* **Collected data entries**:
-=-=-=-=-
(* For $c\in\mathbb{R}$, $\Omega_0^M\cap\kappa^{-1}(c)\neq\varnothing$ if and only if $c<-14$.
   Context: $\kappa(x,y,z)=-x^2-y^2+z^2+xyz-2$ on $\mathbb{R}^3$, and $\Omega_0^M=\{(x,y,z)\in\mathbb{R}^3: z<-2,\ xy+z>2\}$ (equivalently $z<-2$ and $\bar z<-2$ where $\bar z=-xy-z$). *)

From Stdlib Require Import Reals.
Open Scope R_scope.

Definition kappa (x y z : R) : R := - x^2 - y^2 + z^2 + x*y*z - 2.

Definition Omega0M (x y z : R) : Prop := z < -2 /\ x*y + z > 2.

From Stdlib Require Import Reals Lra Psatz.
Open Scope R_scope.

(* With [a = -2 - z] and [b = xy + z - 2], both positive exactly on [Omega0M],
   [kappa = -14 - (x - y)^2 - ab - 4a - 4b]: this gives [kappa < -14] on the
   region, and along the diagonal [x = y = sqrt(2(u+2))], [z = -(u+2)] one has
   [a = b = u], so [kappa = -14 - u(u+8)] sweeps out all of [(-oo, -14)]. *)

Lemma kappa_shifted (x y z : R) :
  kappa x y z =
  -14 - (x - y)^2 - (-2 - z) * (x*y + z - 2) - 4 * (-2 - z) - 4 * (x*y + z - 2).
Proof. unfold kappa; ring. Qed.

Lemma kappa_lt_on_Omega0M (x y z : R) : Omega0M x y z -> kappa x y z < -14.
Proof.
  intros [Hz Hxyz].
  rewrite kappa_shifted.
  assert (Hab : 0 < (-2 - z) * (x*y + z - 2)) by (apply Rmult_lt_0_compat; lra).
  assert (Hsq : 0 <= (x - y)^2) by apply pow2_ge_0.
  lra.
Qed.

Lemma Omega0M_diagonal (u : R) : 0 < u ->
  let t := sqrt (2 * (u + 2)) in
  Omega0M t t (-(u + 2)) /\ kappa t t (-(u + 2)) = -14 - u * (u + 8).
Proof.
  intros Hu t.
  assert (Ht : t * t = 2 * (u + 2)) by (apply sqrt_sqrt; lra).
  split.
  - unfold Omega0M; lra.
  - rewrite kappa_shifted.
    rewrite Ht. ring.
Qed.

Lemma diagonal_parameter (c : R) : c < -14 ->
  exists u : R, 0 < u /\ -14 - u * (u + 8) = c.
Proof.
  intros Hc.
  exists (sqrt (2 - c) - 4).
  assert (Hsq : sqrt (2 - c) * sqrt (2 - c) = 2 - c) by (apply sqrt_sqrt; lra).
  assert (H4 : 4 < sqrt (2 - c)).
  { rewrite <- (sqrt_square 4) by lra. apply sqrt_lt_1; lra. }
  split; nra.
Qed.

Theorem mainTheorem3 (c : R) :
  (exists x y z : R, Omega0M x y z /\ kappa x y z = c) <-> c < -14.
Proof.
  split.
  - intros (x & y & z & HO & <-). exact (kappa_lt_on_Omega0M x y z HO).
  - intros Hc.
    destruct (diagonal_parameter c Hc) as (u & Hu & <-).
    destruct (Omega0M_diagonal u Hu) as [HO Hk].
    eexists _, _, _. split; [exact HO | exact Hk].
Qed.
-=-=-=-=-
* **WHAT THIS TASK INVOLVES**:
In the entries above, some lines hold the string "assert". Copy each of them.

* **RESULT FOR THIS EXERCISE**:
  assert (Hab : 0 < (-2 - z) * (x*y + z - 2)) by (apply Rmult_lt_0_compat; lra).
  assert (Hsq : 0 <= (x - y)^2) by apply pow2_ge_0.
  assert (Ht : t * t = 2 * (u + 2)) by (apply sqrt_sqrt; lra).
  assert (Hsq : sqrt (2 - c) * sqrt (2 - c) = 2 - c) by (apply sqrt_sqrt; lra).
  assert (H4 : 4 < sqrt (2 - c)).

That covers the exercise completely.